• THE TASK: When you reach the line in the data below that contains "End Bubbles.", please start repeating lines exactly, and stop after the line that contains "split=> // X;", repeating nothing else.

########

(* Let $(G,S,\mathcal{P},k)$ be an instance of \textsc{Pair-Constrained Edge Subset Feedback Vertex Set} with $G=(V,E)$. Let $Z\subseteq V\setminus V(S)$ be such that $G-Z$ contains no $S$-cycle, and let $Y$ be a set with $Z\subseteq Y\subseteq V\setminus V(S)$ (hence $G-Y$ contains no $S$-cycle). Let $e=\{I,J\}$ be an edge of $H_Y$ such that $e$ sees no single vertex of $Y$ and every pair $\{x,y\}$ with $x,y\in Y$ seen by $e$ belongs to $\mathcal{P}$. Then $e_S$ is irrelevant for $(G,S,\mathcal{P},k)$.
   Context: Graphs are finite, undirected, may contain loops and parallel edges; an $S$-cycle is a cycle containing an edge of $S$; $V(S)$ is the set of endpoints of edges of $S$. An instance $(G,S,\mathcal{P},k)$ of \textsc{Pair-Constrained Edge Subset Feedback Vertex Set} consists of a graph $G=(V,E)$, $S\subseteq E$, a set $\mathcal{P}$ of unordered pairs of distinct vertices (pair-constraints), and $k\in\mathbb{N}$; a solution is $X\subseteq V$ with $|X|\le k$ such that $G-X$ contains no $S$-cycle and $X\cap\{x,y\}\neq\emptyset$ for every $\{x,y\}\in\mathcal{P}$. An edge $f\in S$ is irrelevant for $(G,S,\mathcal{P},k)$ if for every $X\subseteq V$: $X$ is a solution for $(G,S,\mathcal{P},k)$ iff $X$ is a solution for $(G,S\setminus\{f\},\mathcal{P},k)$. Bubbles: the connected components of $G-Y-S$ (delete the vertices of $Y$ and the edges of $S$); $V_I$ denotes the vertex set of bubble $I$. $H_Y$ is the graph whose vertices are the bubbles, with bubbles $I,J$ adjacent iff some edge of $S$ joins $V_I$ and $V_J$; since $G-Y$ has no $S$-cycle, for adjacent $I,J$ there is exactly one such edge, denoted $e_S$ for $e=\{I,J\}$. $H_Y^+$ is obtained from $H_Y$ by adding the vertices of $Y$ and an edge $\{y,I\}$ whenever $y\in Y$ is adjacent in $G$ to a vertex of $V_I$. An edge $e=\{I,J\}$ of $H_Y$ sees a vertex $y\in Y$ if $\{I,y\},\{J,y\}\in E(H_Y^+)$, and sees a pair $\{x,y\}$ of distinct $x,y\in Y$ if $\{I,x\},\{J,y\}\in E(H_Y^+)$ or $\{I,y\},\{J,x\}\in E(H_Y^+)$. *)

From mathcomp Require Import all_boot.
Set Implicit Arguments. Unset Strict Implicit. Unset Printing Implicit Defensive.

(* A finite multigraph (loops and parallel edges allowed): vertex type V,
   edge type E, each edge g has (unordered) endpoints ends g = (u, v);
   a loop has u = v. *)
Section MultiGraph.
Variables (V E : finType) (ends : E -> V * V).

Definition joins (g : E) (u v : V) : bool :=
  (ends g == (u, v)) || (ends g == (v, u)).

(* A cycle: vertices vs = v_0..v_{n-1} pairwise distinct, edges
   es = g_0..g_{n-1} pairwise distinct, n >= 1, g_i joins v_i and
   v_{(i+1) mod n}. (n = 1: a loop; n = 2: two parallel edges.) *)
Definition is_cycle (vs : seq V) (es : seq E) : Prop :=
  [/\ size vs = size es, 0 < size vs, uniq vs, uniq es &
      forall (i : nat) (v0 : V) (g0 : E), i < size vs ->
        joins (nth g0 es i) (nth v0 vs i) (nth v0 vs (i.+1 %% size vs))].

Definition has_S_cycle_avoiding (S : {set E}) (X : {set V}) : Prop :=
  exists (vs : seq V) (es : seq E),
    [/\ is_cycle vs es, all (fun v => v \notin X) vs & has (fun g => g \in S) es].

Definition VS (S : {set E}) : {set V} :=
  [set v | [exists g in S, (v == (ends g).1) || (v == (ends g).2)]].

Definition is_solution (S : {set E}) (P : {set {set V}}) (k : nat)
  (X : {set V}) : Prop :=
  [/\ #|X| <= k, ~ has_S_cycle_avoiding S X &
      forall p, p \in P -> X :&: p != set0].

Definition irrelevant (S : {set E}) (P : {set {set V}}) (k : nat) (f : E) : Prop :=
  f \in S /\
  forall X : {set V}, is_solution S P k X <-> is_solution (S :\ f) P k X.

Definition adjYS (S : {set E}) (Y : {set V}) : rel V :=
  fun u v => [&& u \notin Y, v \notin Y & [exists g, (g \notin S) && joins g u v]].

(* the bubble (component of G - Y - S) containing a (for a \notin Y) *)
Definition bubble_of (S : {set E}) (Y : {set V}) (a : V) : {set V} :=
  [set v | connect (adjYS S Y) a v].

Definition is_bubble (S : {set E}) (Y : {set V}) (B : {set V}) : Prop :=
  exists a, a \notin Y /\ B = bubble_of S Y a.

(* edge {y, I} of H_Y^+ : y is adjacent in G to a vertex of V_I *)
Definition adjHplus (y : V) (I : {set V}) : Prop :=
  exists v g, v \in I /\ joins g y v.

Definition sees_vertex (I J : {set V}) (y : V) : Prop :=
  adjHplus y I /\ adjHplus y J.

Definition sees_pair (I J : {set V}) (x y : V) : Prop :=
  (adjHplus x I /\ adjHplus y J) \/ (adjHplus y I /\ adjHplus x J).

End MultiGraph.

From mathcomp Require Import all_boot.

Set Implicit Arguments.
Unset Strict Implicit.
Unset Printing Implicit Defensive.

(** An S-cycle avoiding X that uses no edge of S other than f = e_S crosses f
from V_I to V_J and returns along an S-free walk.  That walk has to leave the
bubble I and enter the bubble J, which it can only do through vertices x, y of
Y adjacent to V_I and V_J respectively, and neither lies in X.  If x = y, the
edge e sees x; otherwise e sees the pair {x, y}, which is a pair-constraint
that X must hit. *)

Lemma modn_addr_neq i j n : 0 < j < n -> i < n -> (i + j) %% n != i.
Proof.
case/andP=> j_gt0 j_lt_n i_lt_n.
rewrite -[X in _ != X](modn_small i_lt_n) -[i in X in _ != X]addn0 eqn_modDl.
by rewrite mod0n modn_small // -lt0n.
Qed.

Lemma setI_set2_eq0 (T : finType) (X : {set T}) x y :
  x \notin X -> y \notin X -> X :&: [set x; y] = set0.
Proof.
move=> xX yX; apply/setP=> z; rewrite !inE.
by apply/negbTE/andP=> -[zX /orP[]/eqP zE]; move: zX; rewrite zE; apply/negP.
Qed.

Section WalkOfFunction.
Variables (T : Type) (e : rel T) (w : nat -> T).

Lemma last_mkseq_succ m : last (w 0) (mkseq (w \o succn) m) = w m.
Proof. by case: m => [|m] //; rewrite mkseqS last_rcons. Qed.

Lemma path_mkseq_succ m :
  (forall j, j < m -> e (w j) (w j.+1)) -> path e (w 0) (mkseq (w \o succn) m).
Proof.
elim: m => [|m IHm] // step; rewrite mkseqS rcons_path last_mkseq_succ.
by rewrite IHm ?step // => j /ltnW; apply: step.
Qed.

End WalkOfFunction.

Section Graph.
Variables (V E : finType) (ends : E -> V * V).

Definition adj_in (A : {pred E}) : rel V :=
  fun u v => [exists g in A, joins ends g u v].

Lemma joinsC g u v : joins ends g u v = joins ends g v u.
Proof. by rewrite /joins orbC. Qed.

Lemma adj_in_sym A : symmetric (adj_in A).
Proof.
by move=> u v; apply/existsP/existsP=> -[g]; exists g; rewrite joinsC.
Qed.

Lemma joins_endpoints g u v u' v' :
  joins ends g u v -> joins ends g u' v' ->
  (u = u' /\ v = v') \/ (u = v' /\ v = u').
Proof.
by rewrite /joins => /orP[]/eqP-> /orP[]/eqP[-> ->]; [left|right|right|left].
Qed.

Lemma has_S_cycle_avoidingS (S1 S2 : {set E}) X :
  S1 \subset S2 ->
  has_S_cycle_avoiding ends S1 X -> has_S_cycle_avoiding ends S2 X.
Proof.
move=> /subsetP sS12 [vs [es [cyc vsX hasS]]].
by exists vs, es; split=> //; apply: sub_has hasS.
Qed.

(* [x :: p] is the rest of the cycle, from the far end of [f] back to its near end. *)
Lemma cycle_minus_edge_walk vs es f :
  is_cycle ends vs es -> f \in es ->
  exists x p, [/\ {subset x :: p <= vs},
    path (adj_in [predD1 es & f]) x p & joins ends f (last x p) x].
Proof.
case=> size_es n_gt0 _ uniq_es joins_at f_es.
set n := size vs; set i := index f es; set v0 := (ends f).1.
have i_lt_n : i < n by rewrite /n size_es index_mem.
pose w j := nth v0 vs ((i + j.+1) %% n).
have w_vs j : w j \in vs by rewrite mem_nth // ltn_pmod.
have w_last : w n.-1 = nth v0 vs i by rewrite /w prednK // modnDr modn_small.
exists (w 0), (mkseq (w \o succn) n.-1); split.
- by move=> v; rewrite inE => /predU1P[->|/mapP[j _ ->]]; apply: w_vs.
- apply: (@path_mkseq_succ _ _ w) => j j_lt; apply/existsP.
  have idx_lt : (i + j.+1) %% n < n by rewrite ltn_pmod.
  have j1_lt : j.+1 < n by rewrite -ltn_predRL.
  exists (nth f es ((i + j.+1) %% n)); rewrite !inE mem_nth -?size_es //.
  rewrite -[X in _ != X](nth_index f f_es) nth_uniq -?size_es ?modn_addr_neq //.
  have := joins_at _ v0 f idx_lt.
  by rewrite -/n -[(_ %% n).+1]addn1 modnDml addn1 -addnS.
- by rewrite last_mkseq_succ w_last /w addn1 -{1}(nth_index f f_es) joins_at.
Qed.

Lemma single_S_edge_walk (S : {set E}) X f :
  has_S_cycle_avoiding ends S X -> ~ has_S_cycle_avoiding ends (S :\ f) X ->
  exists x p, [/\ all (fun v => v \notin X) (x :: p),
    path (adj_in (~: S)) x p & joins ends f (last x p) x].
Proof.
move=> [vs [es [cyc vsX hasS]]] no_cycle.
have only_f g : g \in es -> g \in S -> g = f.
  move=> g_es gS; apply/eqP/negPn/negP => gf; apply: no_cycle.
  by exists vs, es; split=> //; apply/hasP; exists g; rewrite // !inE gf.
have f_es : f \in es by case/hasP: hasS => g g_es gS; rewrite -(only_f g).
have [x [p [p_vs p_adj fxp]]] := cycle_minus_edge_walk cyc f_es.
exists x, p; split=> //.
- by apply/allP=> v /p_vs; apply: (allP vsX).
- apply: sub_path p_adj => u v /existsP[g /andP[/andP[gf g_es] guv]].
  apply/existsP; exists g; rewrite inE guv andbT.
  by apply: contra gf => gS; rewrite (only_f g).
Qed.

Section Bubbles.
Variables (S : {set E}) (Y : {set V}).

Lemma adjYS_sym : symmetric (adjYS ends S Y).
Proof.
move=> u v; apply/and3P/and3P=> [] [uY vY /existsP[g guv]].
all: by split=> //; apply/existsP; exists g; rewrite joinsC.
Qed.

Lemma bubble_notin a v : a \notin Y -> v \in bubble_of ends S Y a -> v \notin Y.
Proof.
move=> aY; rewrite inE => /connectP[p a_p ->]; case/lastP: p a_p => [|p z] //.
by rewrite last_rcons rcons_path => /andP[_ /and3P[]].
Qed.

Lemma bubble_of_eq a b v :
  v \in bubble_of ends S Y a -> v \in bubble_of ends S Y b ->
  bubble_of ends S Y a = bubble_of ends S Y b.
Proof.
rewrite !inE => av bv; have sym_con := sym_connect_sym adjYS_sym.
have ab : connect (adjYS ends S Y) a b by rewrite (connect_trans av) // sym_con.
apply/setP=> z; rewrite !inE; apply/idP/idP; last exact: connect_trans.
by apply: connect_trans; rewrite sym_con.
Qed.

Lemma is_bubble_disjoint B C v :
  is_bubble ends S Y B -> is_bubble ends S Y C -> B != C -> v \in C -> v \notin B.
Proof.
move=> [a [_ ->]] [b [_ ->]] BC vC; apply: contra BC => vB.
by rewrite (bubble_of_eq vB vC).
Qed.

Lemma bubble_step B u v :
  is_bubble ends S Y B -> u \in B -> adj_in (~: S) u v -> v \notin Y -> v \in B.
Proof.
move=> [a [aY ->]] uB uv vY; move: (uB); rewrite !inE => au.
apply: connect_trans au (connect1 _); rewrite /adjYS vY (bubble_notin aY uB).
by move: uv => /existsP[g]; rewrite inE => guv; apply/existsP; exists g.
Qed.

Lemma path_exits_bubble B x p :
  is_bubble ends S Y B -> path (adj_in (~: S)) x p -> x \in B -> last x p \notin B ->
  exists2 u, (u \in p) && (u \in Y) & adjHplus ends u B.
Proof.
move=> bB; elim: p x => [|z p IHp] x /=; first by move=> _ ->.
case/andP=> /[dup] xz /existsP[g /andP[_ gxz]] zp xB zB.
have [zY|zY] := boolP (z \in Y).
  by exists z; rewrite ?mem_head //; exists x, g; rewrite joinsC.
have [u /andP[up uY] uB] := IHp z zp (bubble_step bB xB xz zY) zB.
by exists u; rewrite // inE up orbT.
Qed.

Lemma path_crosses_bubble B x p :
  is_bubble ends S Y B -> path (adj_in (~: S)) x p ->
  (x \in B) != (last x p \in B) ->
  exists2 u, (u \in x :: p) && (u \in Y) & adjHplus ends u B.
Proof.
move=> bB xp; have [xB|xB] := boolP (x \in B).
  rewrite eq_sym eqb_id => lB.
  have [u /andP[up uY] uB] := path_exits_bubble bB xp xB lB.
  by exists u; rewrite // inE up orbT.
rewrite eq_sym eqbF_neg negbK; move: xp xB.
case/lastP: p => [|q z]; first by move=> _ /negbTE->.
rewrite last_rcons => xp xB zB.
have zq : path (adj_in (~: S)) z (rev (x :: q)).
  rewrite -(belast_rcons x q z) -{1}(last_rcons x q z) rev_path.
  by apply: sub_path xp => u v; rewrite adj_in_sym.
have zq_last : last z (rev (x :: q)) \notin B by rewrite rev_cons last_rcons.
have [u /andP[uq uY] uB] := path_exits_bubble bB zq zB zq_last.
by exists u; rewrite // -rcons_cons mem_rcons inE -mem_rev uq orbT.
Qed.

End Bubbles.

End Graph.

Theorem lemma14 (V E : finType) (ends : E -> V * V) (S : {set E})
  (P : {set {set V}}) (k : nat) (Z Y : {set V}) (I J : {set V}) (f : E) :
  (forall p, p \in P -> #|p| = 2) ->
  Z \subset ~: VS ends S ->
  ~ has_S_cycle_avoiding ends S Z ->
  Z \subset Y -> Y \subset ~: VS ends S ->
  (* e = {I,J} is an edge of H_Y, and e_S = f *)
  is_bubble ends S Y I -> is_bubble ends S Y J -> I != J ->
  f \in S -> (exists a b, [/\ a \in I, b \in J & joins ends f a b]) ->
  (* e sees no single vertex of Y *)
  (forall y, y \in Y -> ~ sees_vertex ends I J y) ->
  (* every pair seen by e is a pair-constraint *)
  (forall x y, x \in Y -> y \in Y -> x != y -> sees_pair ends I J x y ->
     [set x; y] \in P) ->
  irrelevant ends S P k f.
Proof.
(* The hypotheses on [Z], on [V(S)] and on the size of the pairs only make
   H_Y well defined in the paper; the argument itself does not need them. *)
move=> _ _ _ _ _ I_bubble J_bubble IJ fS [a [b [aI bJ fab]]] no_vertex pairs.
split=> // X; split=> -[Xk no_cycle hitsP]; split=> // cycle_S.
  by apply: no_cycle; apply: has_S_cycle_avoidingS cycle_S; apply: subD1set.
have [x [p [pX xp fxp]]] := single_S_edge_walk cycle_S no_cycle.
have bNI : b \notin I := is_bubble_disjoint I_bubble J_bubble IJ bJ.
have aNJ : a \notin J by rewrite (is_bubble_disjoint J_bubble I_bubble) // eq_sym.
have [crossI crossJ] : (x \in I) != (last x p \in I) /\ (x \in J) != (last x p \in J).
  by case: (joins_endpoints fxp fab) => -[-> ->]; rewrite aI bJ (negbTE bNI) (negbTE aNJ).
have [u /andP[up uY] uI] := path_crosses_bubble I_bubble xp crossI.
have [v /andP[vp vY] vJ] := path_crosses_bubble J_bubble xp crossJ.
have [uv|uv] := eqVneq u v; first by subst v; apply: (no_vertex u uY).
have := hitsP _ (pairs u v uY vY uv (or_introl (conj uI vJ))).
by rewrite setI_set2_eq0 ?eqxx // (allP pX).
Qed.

########

• OUTPUT FOR THIS EXERCISE:
End Bubbles.

End Graph.

Theorem lemma14 (V E : finType) (ends : E -> V * V) (S : {set E})
  (P : {set {set V}}) (k : nat) (Z Y : {set V}) (I J : {set V}) (f : E) :
  (forall p, p \in P -> #|p| = 2) ->
  Z \subset ~: VS ends S ->
  ~ has_S_cycle_avoiding ends S Z ->
  Z \subset Y -> Y \subset ~: VS ends S ->
  (* e = {I,J} is an edge of H_Y, and e_S = f *)
  is_bubble ends S Y I -> is_bubble ends S Y J -> I != J ->
  f \in S -> (exists a b, [/\ a \in I, b \in J & joins ends f a b]) ->
  (* e sees no single vertex of Y *)
  (forall y, y \in Y -> ~ sees_vertex ends I J y) ->
  (* every pair seen by e is a pair-constraint *)
  (forall x y, x \in Y -> y \in Y -> x != y -> sees_pair ends I J x y ->
     [set x; y] \in P) ->
  irrelevant ends S P k f.
Proof.
(* The hypotheses on [Z], on [V(S)] and on the size of the pairs only make
   H_Y well defined in the paper; the argument itself does not need them. *)
move=> _ _ _ _ _ I_bubble J_bubble IJ fS [a [b [aI bJ fab]]] no_vertex pairs.
split=> // X; split=> -[Xk no_cycle hitsP]; split=> // cycle_S.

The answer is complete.